[Saved entries]

(* Let $L$ be a split regular Hom-Lie color algebra with symmetric root system $\Lambda$. Then: (1) for every $\alpha\in\Lambda$, $L_{\Lambda_\alpha}=H_{\Lambda_\alpha}\oplus V_{\Lambda_\alpha}$ is an ideal of $L$; (2) if $L$ is simple, then every $\alpha\in\Lambda$ is connected to every $\beta\in\Lambda$, and $H=\sum_{\alpha\in\Lambda}[L_\alpha,L_{-\alpha}]$.
   Context: Let $\mathbb{K}$ be a field and $\Gamma$ an abelian group. A bi-character is $\varepsilon:\Gamma\times\Gamma\to\mathbb{K}\setminus\{0\}$ with $\varepsilon(a,b)\varepsilon(b,a)=1$, $\varepsilon(a,b+c)=\varepsilon(a,b)\varepsilon(a,c)$, $\varepsilon(a+b,c)=\varepsilon(a,c)\varepsilon(b,c)$. A Hom-Lie color algebra $(L,[\cdot,\cdot],\phi,\varepsilon)$ is a $\Gamma$-graded space $L=\bigoplus_gL_g$ with bilinear $[\cdot,\cdot]$, $[L_g,L_h]\subset L_{g+h}$, linear $\phi$ with $\phi(L_g)\subset L_g$, $\phi([x,y])=[\phi x,\phi y]$, such that for homogeneous $x,y,z$ of degrees $\bar x,\bar y,\bar z$: $[x,y]=-\varepsilon(\bar x,\bar y)[y,x]$ and $\varepsilon(\bar z,\bar x)[\phi(x),[y,z]]+\varepsilon(\bar x,\bar y)[\phi(y),[z,x]]+\varepsilon(\bar y,\bar z)[\phi(z),[x,y]]=0$; regular means $\phi$ bijective. A subalgebra is a graded subspace $A$ with $[A,A]\subset A$, $\phi(A)=A$; abelian if $[A,A]=0$. An ideal is a graded subspace $I$ with $[I,L]\subset I$ and $\phi(I)=I$. $L$ is simple if $[L,L]\neq0$ and its only ideals are $0$ and $L$. $H=\bigoplus_gH_g$ is a maximal abelian graded subalgebra (so $\phi(H_0)=H_0$). For linear $\alpha:H_0\to\mathbb{K}$, $L_\alpha=\{v:[h,v]=\alpha(h)\phi(v)\ \forall h\in H_0\}$; $\Lambda=\{\alpha\in H_0^*\setminus\{0\}:L_\alpha\neq0\}$; $L$ is split if $L=H\oplus(\bigoplus_{\alpha\in\Lambda}L_\alpha)$. $\Lambda$ is symmetric if $\alpha\in\Lambda\Rightarrow-\alpha\in\Lambda$. For $z\in\mathbb{Z}$, $\alpha\phi^{z}:=\alpha\circ(\phi|_{H_0})^{z}$; $\mathbb{N}=\{0,1,2,\dots\}$. Connection: for $\alpha,\beta\in\Lambda$, $\alpha$ is connected to $\beta$ if there exist $k\ge1$ and $\alpha_1,\dots,\alpha_k\in\Lambda$ such that: if $k=1$, $\alpha_1\in\{\alpha\phi^{-n}:n\in\mathbb{N}\}\cap\{\pm\beta\phi^{-m}:m\in\mathbb{N}\}$; if $k\ge2$, then $\alpha_1\in\{\alpha\phi^{-n}:n\in\mathbb{N}\}$, for each $i=1,\dots,k-2$ one has $\alpha_1\phi^{-i}+\alpha_2\phi^{-i}+\alpha_3\phi^{-i+1}+\cdots+\alpha_{i+1}\phi^{-1}\in\Lambda$, and $\alpha_1\phi^{-k+1}+\alpha_2\phi^{-k+1}+\alpha_3\phi^{-k+2}+\cdots+\alpha_k\phi^{-1}\in\{\pm\beta\phi^{-m}:m\in\mathbb{N}\}$. Connectedness $\sim$ is an equivalence relation on $\Lambda$; $\Lambda_\alpha:=\{\beta\in\Lambda:\beta\sim\alpha\}$. Define $H_{\Lambda_\alpha}:=\mathrm{span}_{\mathbb{K}}\{[L_\beta,L_{-\beta}]:\beta\in\Lambda_\alpha\}\subset H$, $V_{\Lambda_\alpha}:=\bigoplus_{\beta\in\Lambda_\alpha}L_\beta$, and $L_{\Lambda_\alpha}:=H_{\Lambda_\alpha}\oplus V_{\Lambda_\alpha}$. *)

From HB Require Import structures.
From mathcomp Require Import all_boot all_order all_algebra.
From Stdlib Require Import ClassicalEpsilon.
Set Implicit Arguments. Unset Strict Implicit. Unset Printing Implicit Defensive.
Import Order.TTheory GRing.Theory Num.Theory.
Local Open Scope ring_scope.

Fixpoint allP (T : Type) (P : T -> Prop) (s : seq T) : Prop :=
  match s with nil => True | x :: s' => P x /\ allP P s' end.

Section HomLieColor.
Variables (K : fieldType) (G : zmodType) (L : lmodType K).

Definition subspace (S : L -> Prop) : Prop :=
  S 0 /\ (forall (a : K) x y, S x -> S y -> S (a *: x + y)).

Definition span (S : L -> Prop) (x : L) : Prop :=
  exists s : seq (K * L), allP (fun p => S p.2) s /\ x = \sum_(p <- s) p.1 *: p.2.

Variable Lg : G -> L -> Prop.

Definition graded_space : Prop :=
  (forall g, subspace (Lg g)) /\
  (forall x, exists s : seq (G * L),
      uniq (map fst s) /\ allP (fun p => Lg p.1 p.2) s /\ x = \sum_(p <- s) p.2) /\
  (forall s : seq (G * L),
      uniq (map fst s) -> allP (fun p => Lg p.1 p.2) s -> \sum_(p <- s) p.2 = 0 ->
      allP (fun p => p.2 = 0) s).

Definition graded_sub (A : L -> Prop) : Prop :=
  subspace A /\
  (forall x, A x -> exists s : seq (G * L),
      uniq (map fst s) /\ allP (fun p => Lg p.1 p.2 /\ A p.2) s /\ x = \sum_(p <- s) p.2).

Definition bicharacter (eps : G -> G -> K) : Prop :=
  (forall a b, eps a b != 0) /\
  (forall a b, eps a b * eps b a = 1) /\
  (forall a b c, eps a (b + c) = eps a b * eps a c) /\
  (forall a b c, eps (a + b) c = eps a c * eps b c).

Variables (br : L -> L -> L) (phi : L -> L) (eps : G -> G -> K).

Definition hom_lie_color : Prop :=
  bicharacter eps /\ graded_space /\
  (forall (a : K) x y z, br (a *: x + y) z = a *: br x z + br y z) /\
  (forall (a : K) x y z, br z (a *: x + y) = a *: br z x + br z y) /\
  (forall (a : K) x y, phi (a *: x + y) = a *: phi x + phi y) /\
  (forall g h x y, Lg g x -> Lg h y -> Lg (g + h) (br x y)) /\
  (forall g x, Lg g x -> Lg g (phi x)) /\
  (forall x y, phi (br x y) = br (phi x) (phi y)) /\
  (forall g h x y, Lg g x -> Lg h y -> br x y = - (eps g h *: br y x)) /\
  (forall g h k x y z, Lg g x -> Lg h y -> Lg k z ->
      eps k g *: br (phi x) (br y z) + eps g h *: br (phi y) (br z x)
      + eps h k *: br (phi z) (br x y) = 0).

Definition regular : Prop := bijective phi.

Definition phi_stable (A : L -> Prop) : Prop :=
  (forall x, A x -> A (phi x)) /\ (forall y, A y -> exists x, A x /\ phi x = y).

Definition subalgebra (A : L -> Prop) : Prop :=
  graded_sub A /\ (forall x y, A x -> A y -> A (br x y)) /\ phi_stable A.

Definition abelian (A : L -> Prop) : Prop := forall x y, A x -> A y -> br x y = 0.

Definition ideal (I : L -> Prop) : Prop :=
  graded_sub I /\ (forall x y, I x -> I (br x y)) /\ phi_stable I.

Definition simple : Prop :=
  (exists x y, br x y != 0) /\
  (forall I, ideal I -> (forall x, I x -> x = 0) \/ (forall x, I x)).

Variable H : L -> Prop.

▶ _Aim of the exercise_
All lines above that include the word "Require" should be located and copied.

▶ _Task solution_
From HB Require Import structures.
From mathcomp Require Import all_boot all_order all_algebra.
From Stdlib Require Import ClassicalEpsilon.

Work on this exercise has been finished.